Start of SOURCE MATERIAL

(* Let $f:\mathbb{R}^d\to\mathbb{R}$ be twice differentiable with $L$-Lipschitz Hessian. Let $x,g\in\mathbb{R}^d$, $H\in\mathbb{R}^{d\times d}$ symmetric, $M\ge L$, let $x^+$ be a global minimizer of $y\mapsto\Omega_{M,g,H}(y,x)$ and $r:=\|x^+-x\|$. Then $$ \frac{\bigl(-\lambda_{\min}(\nabla^2 f(x^+))\bigr)^3}{M^2}\;\le\;14Mr^3+\frac{4}{M^2}\|\nabla^2 f(x)-H\|^3 . $$
   Context: $\|\cdot\|$ is the Euclidean norm on vectors and the spectral norm on symmetric matrices; $\lambda_{\min}$ denotes the smallest eigenvalue. The Hessian of $f$ is $L$-Lipschitz means $\|\nabla^2 f(x)-\nabla^2 f(y)\|\le L\|x-y\|$ for all $x,y$. For $M>0$, $g\in\mathbb{R}^d$ and symmetric $H$, $\Omega_{M,g,H}(y,x):=\langle g,y-x\rangle+\frac12\langle H(y-x),y-x\rangle+\frac{M}{6}\|y-x\|^3$. *)

From HB Require Import structures.
From mathcomp Require Import all_boot all_order all_algebra.
From mathcomp Require Import all_classical all_reals all_analysis.
Set Implicit Arguments. Unset Strict Implicit. Unset Printing Implicit Defensive.
Import Order.TTheory GRing.Theory Num.Theory.
Import numFieldNormedType.Exports.
Local Open Scope classical_set_scope.
Local Open Scope ring_scope.

Definition dotv {R : realType} {d : nat} (u v : 'cV[R]_d) : R :=
  \sum_(i < d) u i ord0 * v i ord0.
Definition enorm {R : realType} {d : nat} (v : 'cV[R]_d) : R :=
  Num.sqrt (dotv v v).

Definition specnorm {R : realType} {d : nat} (A : 'M[R]_d) : R :=
  sup [set enorm (A *m v) | v in [set v : 'cV[R]_d | enorm v = 1]].

(* Smallest eigenvalue (the eigenvalues of a real symmetric matrix form a
   finite nonempty set of reals when d > 0). *)
Definition lambda_min {R : realType} {d : nat} (A : 'M[R]_d) : R :=
  inf [set a : R | eigenvalue A a].

Definition Omega {R : realType} {d : nat} (M : R) (g : 'cV[R]_d) (H : 'M[R]_d)
    (y x : 'cV[R]_d) : R :=
  dotv g (y - x) + 2^-1 * dotv (H *m (y - x)) (y - x)
  + M / 6 * enorm (y - x) ^+ 3.

From HB Require Import structures.
From mathcomp Require Import all_boot all_order all_algebra.
From mathcomp Require Import all_classical all_reals all_analysis.
From mathcomp Require Import ring lra.
Import Order.TTheory GRing.Theory Num.Theory.
Import numFieldNormedType.Exports.
Local Open Scope classical_set_scope.
Local Open Scope ring_scope.
Set Implicit Arguments. Unset Strict Implicit.

(* Write s = x+ - x and r = |s|.  The proof has three ingredients.
   1. Optimality of s for the cubic model
        z |-> <g, z> + 1/2 <H z, z> + M/6 |z|^3.
      Expanding the model around s and splitting the cubic term gives a
      linear term (whose vanishing is the first-order condition
      g + H s + (M r / 2) s = 0) plus a quadratic term in H + (M r / 2) I plus
      a cubic remainder; moving along the sphere of radius r kills the
      remainder, so H + (M r / 2) I is positive semidefinite.
   2. Perturbation: quadratic forms on the unit sphere move by at most the
      spectral distance, so with e = |hess f(x) - H| and the Lipschitz bound
      |hess f(x+) - hess f(x)| <= L r <= M r, the form of hess f(x+) is at
      least -(3/2 M r + e); every eigenvalue, hence lambda_min, is too.
   3. Arithmetic: (3/2 M r + e)^3 <= 4 ((3/2 M r)^3 + e^3) <= 14 M^3 r^3 + 4 e^3.
   The file develops the Euclidean facts, the spectral facts, the scalar
   inequalities and the optimality conditions in turn, and ends with the
   theorem. *)

Section InnerProduct.
Variables (R : realType) (d : nat).
Implicit Types (u v w : 'cV[R]_d) (A : 'M[R]_d).

Lemma dotvC u v : dotv u v = dotv v u.
Proof. by apply: eq_bigr => i _; rewrite mulrC. Qed.

Lemma dotvDl u v w : dotv (u + v) w = dotv u w + dotv v w.
Proof. by rewrite /dotv -big_split; apply: eq_bigr => i _; rewrite mxE mulrDl. Qed.

Lemma dotvZl (a : R) u v : dotv (a *: u) v = a * dotv u v.
Proof. by rewrite /dotv mulr_sumr; apply: eq_bigr => i _; rewrite mxE mulrA. Qed.

Lemma dotvDr u v w : dotv u (v + w) = dotv u v + dotv u w.
Proof. by rewrite dotvC dotvDl !(dotvC u). Qed.

Lemma dotvZr (a : R) u v : dotv u (a *: v) = a * dotv u v.
Proof. by rewrite dotvC dotvZl dotvC. Qed.

Lemma dotv_mulmx A u v : dotv (A *m u) v = dotv u (A^T *m v).
Proof.
rewrite /dotv; under eq_bigr => i _ do rewrite mxE mulr_suml.
rewrite exchange_big /=; apply: eq_bigr => j _.
by rewrite mxE mulr_sumr; apply: eq_bigr => i _; rewrite mxE mulrCA mulrA.
Qed.

Lemma dotv_ge0 v : 0 <= dotv v v.
Proof. by apply: sumr_ge0 => i _; rewrite -expr2 sqr_ge0. Qed.

Lemma dotv_eq0 v : dotv v v = 0 -> v = 0.
Proof.
move=> /eqP; rewrite psumr_eq0 => [/allP v0|i _]; last by rewrite -expr2 sqr_ge0.
apply/matrixP => i j; rewrite (ord1 j) mxE.
by apply/eqP; have := v0 i (mem_index_enum i); rewrite /= mulf_eq0 orbb.
Qed.

Lemma enorm_ge0 v : 0 <= enorm v.
Proof. exact: sqrtr_ge0. Qed.

Lemma enorm_sqr v : enorm v ^+ 2 = dotv v v.
Proof. by rewrite sqr_sqrtr // dotv_ge0. Qed.

Lemma enorm_sqrD u v :
  enorm (u + v) ^+ 2 = enorm u ^+ 2 + 2 * dotv u v + enorm v ^+ 2.
Proof. by rewrite !enorm_sqr dotvDl !dotvDr (dotvC v u); ring. Qed.

Lemma enorm_sqrZ (a : R) v : enorm (a *: v) ^+ 2 = a ^+ 2 * enorm v ^+ 2.
Proof. by rewrite !enorm_sqr dotvZl dotvZr mulrA -expr2. Qed.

End of SOURCE MATERIAL

• **PROBLEM STATEMENT**:
Beginning at the line containing "by rewrite mxE", repeat each line exactly through the last line of the entries, and include no other lines.

• **ANSWER AREA**:
by rewrite mxE mulr_sumr; apply: eq_bigr => i _; rewrite mxE mulrCA mulrA.
Qed.

Lemma dotv_ge0 v : 0 <= dotv v v.
Proof. by apply: sumr_ge0 => i _; rewrite -expr2 sqr_ge0. Qed.

Lemma dotv_eq0 v : dotv v v = 0 -> v = 0.
Proof.
move=> /eqP; rewrite psumr_eq0 => [/allP v0|i _]; last by rewrite -expr2 sqr_ge0.
apply/matrixP => i j; rewrite (ord1 j) mxE.
by apply/eqP; have := v0 i (mem_index_enum i); rewrite /= mulf_eq0 orbb.
Qed.

Lemma enorm_ge0 v : 0 <= enorm v.
Proof. exact: sqrtr_ge0. Qed.

Lemma enorm_sqr v : enorm v ^+ 2 = dotv v v.
Proof. by rewrite sqr_sqrtr // dotv_ge0. Qed.

Lemma enorm_sqrD u v :
  enorm (u + v) ^+ 2 = enorm u ^+ 2 + 2 * dotv u v + enorm v ^+ 2.
Proof. by rewrite !enorm_sqr dotvDl !dotvDr (dotvC v u); ring. Qed.

Lemma enorm_sqrZ (a : R) v : enorm (a *: v) ^+ 2 = a ^+ 2 * enorm v ^+ 2.
Proof. by rewrite !enorm_sqr dotvZl dotvZr mulrA -expr2. Qed.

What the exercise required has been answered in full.